Lines in the records below that contain the word "mulrAC" must each be copied.

[[ EXERCISE DATA, beginning ]]

(* Sum (i): over x_1..x_t >= 1 with a.x = z.  Since a_i >= 1 every x_i <= z,
   so ranging x_i over {0..z} loses no term. *)
Definition S1 (R : realType) (s t : nat) (a : 'I_t -> nat) (z : nat) : R :=
  \sum_(x : {ffun 'I_t -> 'I_z.+1} | [forall i, (0 < x i)%N] && (wsum a x == z))
     (\prod_(i < t) ((x i : nat)%:R : R)) `^ (-1 + s%:R^-1).

Definition S2 (R : realType) (s t : nat) (a : 'I_t -> nat) (z : nat) : R :=
  \sum_(x : {ffun 'I_t -> 'I_z.+1} | [forall i, (0 < x i)%N] && (wsum a x < z)%N)
     ((\prod_(i < t) ((x i : nat)%:R : R)) `^ (-1 + s%:R^-1)
      * (z%:R - (wsum a x)%:R : R) `^ (- (2 * t%:R / s%:R))).

From HB Require Import structures.
From mathcomp Require Import all_boot all_order all_algebra.
From mathcomp Require Import all_classical all_reals all_analysis.
From mathcomp Require Import ring lra zify.
Import Order.TTheory GRing.Theory Num.Theory.
Local Open Scope ring_scope.

(* Let A = a_1 + ... + a_t and e = 1/s - 1 <= 0.  In every tuple the largest
   coordinate satisfies x_j >= (a.x)/A, so x_j^e <= ((a.x)/A)^e.  Replacing x_j
   by the slack z - a.x is injective on tuples with a.x <= z, so what remains is
   bounded by (sum_{k<=z} h k) * (sum_{k<=z} k^e)^(t-1), and sum_{k<=z} k^e <=
   s z^(1/s) by concavity of the s-th root.  For (i), a.x = z and h is the
   indicator of 0.  For (ii), h k = k^(-2t/s), whose sum is
   O(z^(1-(t+1)/s) log z); tuples with slack at least z/2 are instead bounded
   directly through (z/2)^(-2t/s). *)

Lemma subrXX_le (R : realFieldType) (u v : R) n : 0 <= v -> v <= u ->
  u ^+ n.+1 - v ^+ n.+1 <= n.+1%:R * (u - v) * u ^+ n.
Proof.
move=> v0 vu; have u0 : 0 <= u by apply: le_trans vu.
rewrite subrXX mulrC [in X in _ <= X]mulrAC ler_wpM2r ?subr_ge0 // mulr_natl.
rewrite -[n.+1 in X in _ <= X]card_ord -sumr_const; apply: ler_sum => i _.
have -> : u ^+ n = u ^+ (n - i) * u ^+ i by rewrite -exprD subnK // -ltnS.
by rewrite ler_wpM2l ?exprn_ge0 ?lerXn2r.
Qed.

Section PowerBounds.
Variable R : realType.
Implicit Types (x y r : R) (n s z : nat).

Lemma le0_ger_powR x y r : 0 < x -> x <= y -> r <= 0 -> y `^ r <= x `^ r.
Proof.
move=> x0 xy r0; have y0 : 0 < y by apply: lt_le_trans xy.
rewrite -[r]opprK !(powRN _ (- r)) lef_pV2 ?posrE ?powR_gt0 //.
by apply: ge0_ler_powR; rewrite ?nnegrE ?oppr_ge0 // ltW.
Qed.

Lemma exprn_powR x r n : (x `^ r) ^+ n = x `^ (r * n%:R).
Proof. by rewrite -powR_mulrn ?powR_ge0 // powRrM. Qed.

Lemma natr_powRD z r r' : (0 < z)%N ->
  (z%:R : R) `^ r * z%:R `^ r' = z%:R `^ (r + r').
Proof. by move=> z0; rewrite powRD // pnatr_eq0 -lt0n z0 implybT. Qed.

Lemma powRVnK s x : (0 < s)%N -> 0 <= x -> (x `^ s%:R^-1) ^+ s = x.
Proof.
by move=> s0 x0; rewrite exprn_powR mulVf ?powRr1 // pnatr_eq0 -lt0n.
Qed.

(* Concavity of the s-th root, via u^s - v^s <= s (u - v) u^(s-1). *)
Lemma powR_root_step s n : (0 < s)%N ->
  (n.+1%:R : R) `^ (-1 + s%:R^-1) <= s%:R * (n.+1%:R `^ s%:R^-1 - n%:R `^ s%:R^-1).
Proof.
case: s => // m _.
set u := (n.+1%:R : R) `^ m.+1%:R^-1; set v := (n%:R : R) `^ m.+1%:R^-1.
have u0 : 0 < u by rewrite powR_gt0 // ltr0n.
have vu : v <= u by apply: ge0_ler_powR; rewrite ?nnegrE ?invr_ge0 ?ler0n ?ler_nat.
have us : u ^+ m.+1 = n.+1%:R by rewrite powRVnK ?ler0n.
have vs : v ^+ m.+1 = n%:R by rewrite powRVnK ?ler0n.
have -> : (n.+1%:R : R) `^ (-1 + m.+1%:R^-1) = (u ^+ m)^-1.
  rewrite powRD ?pnatr_eq0 ?implybT // powR_inv1 ?ler0n // -/u -us exprS.
  by rewrite invfM mulrAC mulVf ?mul1r // gt_eqF.
rewrite -[(u ^+ m)^-1]mul1r ler_pdivrMr ?exprn_gt0 //.
have := @subrXX_le _ u v m (powR_ge0 _ _ : 0 <= v) vu.
by rewrite us vs -natr1 addrAC subrr add0r.
Qed.

Lemma sum_powR_root_le s z : (1 < s)%N ->
  \sum_(k < z.+1) (k%:R : R) `^ (-1 + s%:R^-1) <= s%:R * z%:R `^ s%:R^-1.
Proof.
move=> s1; have s0 : (0 < s)%N by apply: ltnW.
have e0 : (-1 + s%:R^-1 : R) != 0.
  by rewrite addrC subr_eq0 invr_eq1 pnatr_eq1; case: s s1 {s0} => [|[]].
elim: z => [|z IH].
  by rewrite big_ord1 /= !powR0 ?mulr0 // invr_eq0 pnatr_eq0 -lt0n.
rewrite big_ord_recr /=; apply: le_trans (lerD IH (@powR_root_step s z s0)) _.
by rewrite -mulrDr addrCA subrr addr0.
Qed.

Lemma harmonic_le_ln n : \sum_(k < n.+2) (k%:R : R)^-1 <= 1 + ln n.+1%:R.
Proof.
elim: n => [|n IH].
  by rewrite !big_ord_recr big_ord0 /= add0r invr0 add0r ln1 addr0 invr1.
have ln_step : (n.+2%:R : R)^-1 <= ln n.+2%:R - ln n.+1%:R.
  have n2 : (0 : R) < n.+2%:R by rewrite ltr0n.
  have := @le_ln1Dx R (- n.+2%:R^-1); rewrite ltrN2 invf_lt1 ?ltr1n // => /(_ isT).
  have -> : 1 - (n.+2%:R : R)^-1 = n.+1%:R / n.+2%:R.
    by rewrite -[n.+2%:R]natr1; field; rewrite gt_eqF.
  by rewrite ln_div ?posrE ?ltr0n // lerNr opprB.
rewrite big_ord_recr /=; apply: le_trans (lerD IH ln_step) _; lra.
Qed.

Lemma ln_natr_ge1 z : (4 <= z)%N -> 1 <= ln (z%:R : R).
Proof.
move=> z4; have ln2 : (2^-1 : R) <= ln 2.
  have := @le_ln1Dx R (- 2^-1).
  have -> : (1 - 2^-1 : R) = 2^-1 by lra.
  rewrite lnV ?posrE //; lra.
have ln4 : ln (4 : R) = ln 2 *+ 2 by rewrite -lnXn // expr2; congr ln; lra.
have : ln (4 : R) <= ln z%:R.
  by rewrite ler_ln ?posrE ?ltr0n ?(leq_trans _ z4) // (ler_nat R 4 z).
rewrite ln4 mulr2n; lra.
Qed.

[[ EXERCISE DATA, end ]]

• **RESPONSE TO THIS EXERCISE**
rewrite subrXX mulrC [in X in _ <= X]mulrAC ler_wpM2r ?subr_ge0 // mulr_natl.
  by rewrite invfM mulrAC mulVf ?mul1r // gt_eqF.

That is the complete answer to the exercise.